_Exercise_
For the entries below, report the number of lines where the string "more" appears, and only that number.

_Task input_

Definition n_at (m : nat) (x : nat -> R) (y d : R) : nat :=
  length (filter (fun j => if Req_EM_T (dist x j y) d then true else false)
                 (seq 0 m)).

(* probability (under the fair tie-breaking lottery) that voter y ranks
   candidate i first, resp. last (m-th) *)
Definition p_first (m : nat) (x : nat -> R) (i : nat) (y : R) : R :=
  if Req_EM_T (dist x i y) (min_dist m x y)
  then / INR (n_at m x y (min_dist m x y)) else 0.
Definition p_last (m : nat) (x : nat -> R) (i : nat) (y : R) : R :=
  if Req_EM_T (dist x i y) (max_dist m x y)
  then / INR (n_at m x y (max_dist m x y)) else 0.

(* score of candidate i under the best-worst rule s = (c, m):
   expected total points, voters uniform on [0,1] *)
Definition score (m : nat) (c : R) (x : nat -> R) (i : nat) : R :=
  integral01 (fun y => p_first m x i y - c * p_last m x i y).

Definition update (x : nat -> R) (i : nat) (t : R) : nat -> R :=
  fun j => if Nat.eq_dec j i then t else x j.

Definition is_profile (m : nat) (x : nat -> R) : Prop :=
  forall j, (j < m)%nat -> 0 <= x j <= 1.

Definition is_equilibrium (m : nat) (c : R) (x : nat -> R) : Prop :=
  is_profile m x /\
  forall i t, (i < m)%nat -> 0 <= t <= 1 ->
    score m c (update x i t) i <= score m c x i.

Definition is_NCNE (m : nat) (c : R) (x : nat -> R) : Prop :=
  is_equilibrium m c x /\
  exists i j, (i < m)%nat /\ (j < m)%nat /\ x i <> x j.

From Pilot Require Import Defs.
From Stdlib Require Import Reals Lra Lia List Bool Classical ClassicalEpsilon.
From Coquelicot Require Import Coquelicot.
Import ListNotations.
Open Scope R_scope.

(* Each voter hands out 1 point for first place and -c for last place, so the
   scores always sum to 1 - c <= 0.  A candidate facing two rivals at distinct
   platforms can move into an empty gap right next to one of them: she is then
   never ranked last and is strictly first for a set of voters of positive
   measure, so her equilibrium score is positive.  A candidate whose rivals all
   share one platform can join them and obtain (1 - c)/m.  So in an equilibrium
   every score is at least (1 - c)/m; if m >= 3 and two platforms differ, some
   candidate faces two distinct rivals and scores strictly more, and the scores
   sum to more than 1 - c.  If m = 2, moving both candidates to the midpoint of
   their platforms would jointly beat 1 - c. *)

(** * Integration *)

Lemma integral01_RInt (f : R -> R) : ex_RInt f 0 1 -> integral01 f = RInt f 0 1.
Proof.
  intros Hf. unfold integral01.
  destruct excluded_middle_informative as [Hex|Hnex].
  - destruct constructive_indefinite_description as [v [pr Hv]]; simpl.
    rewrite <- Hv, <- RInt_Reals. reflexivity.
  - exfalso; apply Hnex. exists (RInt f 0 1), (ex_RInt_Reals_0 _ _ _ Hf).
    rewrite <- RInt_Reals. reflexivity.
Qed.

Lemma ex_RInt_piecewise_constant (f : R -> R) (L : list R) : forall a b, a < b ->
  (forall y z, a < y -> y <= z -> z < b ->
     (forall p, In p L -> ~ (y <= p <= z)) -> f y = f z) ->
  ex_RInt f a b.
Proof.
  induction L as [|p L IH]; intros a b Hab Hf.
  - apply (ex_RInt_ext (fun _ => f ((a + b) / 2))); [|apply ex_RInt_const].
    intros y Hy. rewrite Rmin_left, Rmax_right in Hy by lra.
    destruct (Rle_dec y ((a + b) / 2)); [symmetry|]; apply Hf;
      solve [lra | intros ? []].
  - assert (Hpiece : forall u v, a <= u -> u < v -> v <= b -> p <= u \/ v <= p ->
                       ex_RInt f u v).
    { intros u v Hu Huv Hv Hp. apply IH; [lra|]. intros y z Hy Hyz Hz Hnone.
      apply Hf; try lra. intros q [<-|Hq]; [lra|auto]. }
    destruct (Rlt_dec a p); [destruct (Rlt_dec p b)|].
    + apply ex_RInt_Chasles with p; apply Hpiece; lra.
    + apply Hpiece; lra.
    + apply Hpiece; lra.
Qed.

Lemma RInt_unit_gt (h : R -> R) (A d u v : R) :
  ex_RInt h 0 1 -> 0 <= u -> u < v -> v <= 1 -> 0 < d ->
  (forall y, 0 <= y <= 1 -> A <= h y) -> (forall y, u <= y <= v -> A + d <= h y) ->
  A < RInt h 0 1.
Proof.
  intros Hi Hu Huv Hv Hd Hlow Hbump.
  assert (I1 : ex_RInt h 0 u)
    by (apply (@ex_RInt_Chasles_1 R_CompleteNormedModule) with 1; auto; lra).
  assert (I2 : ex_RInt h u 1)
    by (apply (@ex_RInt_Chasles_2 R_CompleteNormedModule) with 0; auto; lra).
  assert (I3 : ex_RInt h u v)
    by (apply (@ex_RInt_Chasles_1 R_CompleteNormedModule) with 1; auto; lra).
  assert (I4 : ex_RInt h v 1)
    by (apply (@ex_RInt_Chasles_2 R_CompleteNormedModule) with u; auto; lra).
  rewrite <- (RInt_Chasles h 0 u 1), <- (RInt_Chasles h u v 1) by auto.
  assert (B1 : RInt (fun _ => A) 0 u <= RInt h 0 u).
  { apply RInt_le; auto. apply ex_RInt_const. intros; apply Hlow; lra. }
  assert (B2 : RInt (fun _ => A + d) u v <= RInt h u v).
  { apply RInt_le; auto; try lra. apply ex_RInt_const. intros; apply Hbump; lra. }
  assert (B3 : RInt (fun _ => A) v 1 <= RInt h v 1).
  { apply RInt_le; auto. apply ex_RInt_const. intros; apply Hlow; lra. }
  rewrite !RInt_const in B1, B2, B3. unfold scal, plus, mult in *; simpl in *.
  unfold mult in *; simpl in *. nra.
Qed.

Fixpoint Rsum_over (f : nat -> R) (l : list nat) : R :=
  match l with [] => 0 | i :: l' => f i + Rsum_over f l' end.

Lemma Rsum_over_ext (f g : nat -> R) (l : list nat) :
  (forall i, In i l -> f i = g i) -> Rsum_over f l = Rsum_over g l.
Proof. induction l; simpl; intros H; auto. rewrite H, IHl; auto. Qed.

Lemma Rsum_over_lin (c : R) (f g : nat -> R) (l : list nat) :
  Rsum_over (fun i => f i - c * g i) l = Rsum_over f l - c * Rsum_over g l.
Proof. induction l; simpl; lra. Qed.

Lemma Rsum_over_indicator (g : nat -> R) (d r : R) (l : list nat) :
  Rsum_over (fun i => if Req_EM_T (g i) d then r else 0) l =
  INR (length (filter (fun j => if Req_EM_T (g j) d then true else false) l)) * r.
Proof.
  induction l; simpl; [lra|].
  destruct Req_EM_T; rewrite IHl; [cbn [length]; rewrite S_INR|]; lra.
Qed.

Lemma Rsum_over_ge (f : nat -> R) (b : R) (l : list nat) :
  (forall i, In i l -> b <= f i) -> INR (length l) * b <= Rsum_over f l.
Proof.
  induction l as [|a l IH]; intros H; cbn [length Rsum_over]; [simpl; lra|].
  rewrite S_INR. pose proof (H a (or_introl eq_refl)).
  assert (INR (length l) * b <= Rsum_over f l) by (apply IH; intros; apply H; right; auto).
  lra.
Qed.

_Written response_
2